§ PROBLEM
Which lines below contain "teval"? Pull them out.
RECORDED INFORMATION below:
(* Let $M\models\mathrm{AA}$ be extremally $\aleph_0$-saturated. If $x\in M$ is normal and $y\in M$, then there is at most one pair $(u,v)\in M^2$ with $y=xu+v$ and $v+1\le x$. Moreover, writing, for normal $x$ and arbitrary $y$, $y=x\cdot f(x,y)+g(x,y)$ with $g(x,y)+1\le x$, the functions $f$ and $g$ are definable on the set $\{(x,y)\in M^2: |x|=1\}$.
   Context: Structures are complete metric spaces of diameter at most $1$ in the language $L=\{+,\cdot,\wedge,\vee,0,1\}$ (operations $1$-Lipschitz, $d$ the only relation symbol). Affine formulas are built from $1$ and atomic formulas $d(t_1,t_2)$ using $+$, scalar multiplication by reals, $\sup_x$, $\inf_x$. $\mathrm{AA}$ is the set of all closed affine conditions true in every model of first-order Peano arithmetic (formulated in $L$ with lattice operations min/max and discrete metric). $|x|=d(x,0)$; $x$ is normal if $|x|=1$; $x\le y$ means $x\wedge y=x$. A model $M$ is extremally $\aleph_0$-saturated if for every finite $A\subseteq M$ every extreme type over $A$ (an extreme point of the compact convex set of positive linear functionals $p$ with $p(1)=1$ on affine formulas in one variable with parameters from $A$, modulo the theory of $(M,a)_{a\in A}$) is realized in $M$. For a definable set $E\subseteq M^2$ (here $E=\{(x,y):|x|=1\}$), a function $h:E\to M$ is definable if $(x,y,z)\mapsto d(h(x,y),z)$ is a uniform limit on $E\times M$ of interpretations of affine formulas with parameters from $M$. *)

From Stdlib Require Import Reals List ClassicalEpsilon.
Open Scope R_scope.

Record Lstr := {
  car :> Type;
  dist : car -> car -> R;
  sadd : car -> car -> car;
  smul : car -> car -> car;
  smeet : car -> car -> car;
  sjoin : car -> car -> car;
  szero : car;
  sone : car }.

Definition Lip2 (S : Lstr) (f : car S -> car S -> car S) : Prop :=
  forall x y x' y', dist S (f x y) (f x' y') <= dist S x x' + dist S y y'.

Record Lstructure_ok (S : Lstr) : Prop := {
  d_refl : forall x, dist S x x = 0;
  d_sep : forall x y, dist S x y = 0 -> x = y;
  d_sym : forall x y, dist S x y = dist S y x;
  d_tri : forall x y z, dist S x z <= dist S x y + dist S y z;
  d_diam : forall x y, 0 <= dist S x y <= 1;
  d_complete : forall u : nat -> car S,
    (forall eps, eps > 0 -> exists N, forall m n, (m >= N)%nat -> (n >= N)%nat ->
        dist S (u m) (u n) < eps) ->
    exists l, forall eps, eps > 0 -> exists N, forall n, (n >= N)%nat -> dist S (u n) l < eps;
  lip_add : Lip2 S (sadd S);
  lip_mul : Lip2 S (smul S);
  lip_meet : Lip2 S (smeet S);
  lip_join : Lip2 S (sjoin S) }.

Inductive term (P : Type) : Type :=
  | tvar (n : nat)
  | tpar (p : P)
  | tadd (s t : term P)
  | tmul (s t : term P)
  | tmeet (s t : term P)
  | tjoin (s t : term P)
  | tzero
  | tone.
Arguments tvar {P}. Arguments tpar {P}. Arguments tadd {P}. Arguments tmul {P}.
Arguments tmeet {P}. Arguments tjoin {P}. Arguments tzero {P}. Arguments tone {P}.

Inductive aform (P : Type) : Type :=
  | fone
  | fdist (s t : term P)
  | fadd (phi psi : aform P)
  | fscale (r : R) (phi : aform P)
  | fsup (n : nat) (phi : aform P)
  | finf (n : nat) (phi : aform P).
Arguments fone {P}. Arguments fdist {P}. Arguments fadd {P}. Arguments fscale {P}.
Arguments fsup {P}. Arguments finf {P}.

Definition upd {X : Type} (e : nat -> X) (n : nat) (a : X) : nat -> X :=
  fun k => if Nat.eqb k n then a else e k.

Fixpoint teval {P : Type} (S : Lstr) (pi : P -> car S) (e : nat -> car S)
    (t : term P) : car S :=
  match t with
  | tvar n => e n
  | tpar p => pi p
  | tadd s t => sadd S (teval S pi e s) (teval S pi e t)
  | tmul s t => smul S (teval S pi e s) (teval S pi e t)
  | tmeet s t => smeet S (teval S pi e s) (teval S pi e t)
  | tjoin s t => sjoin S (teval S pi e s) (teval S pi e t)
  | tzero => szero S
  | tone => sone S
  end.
End of RECORDED INFORMATION.
§ EXERCISE SOLUTION
Fixpoint teval {P : Type} (S : Lstr) (pi : P -> car S) (e : nat -> car S)
  | tadd s t => sadd S (teval S pi e s) (teval S pi e t)
  | tmul s t => smul S (teval S pi e s) (teval S pi e t)
  | tmeet s t => smeet S (teval S pi e s) (teval S pi e t)
  | tjoin s t => sjoin S (teval S pi e s) (teval S pi e t)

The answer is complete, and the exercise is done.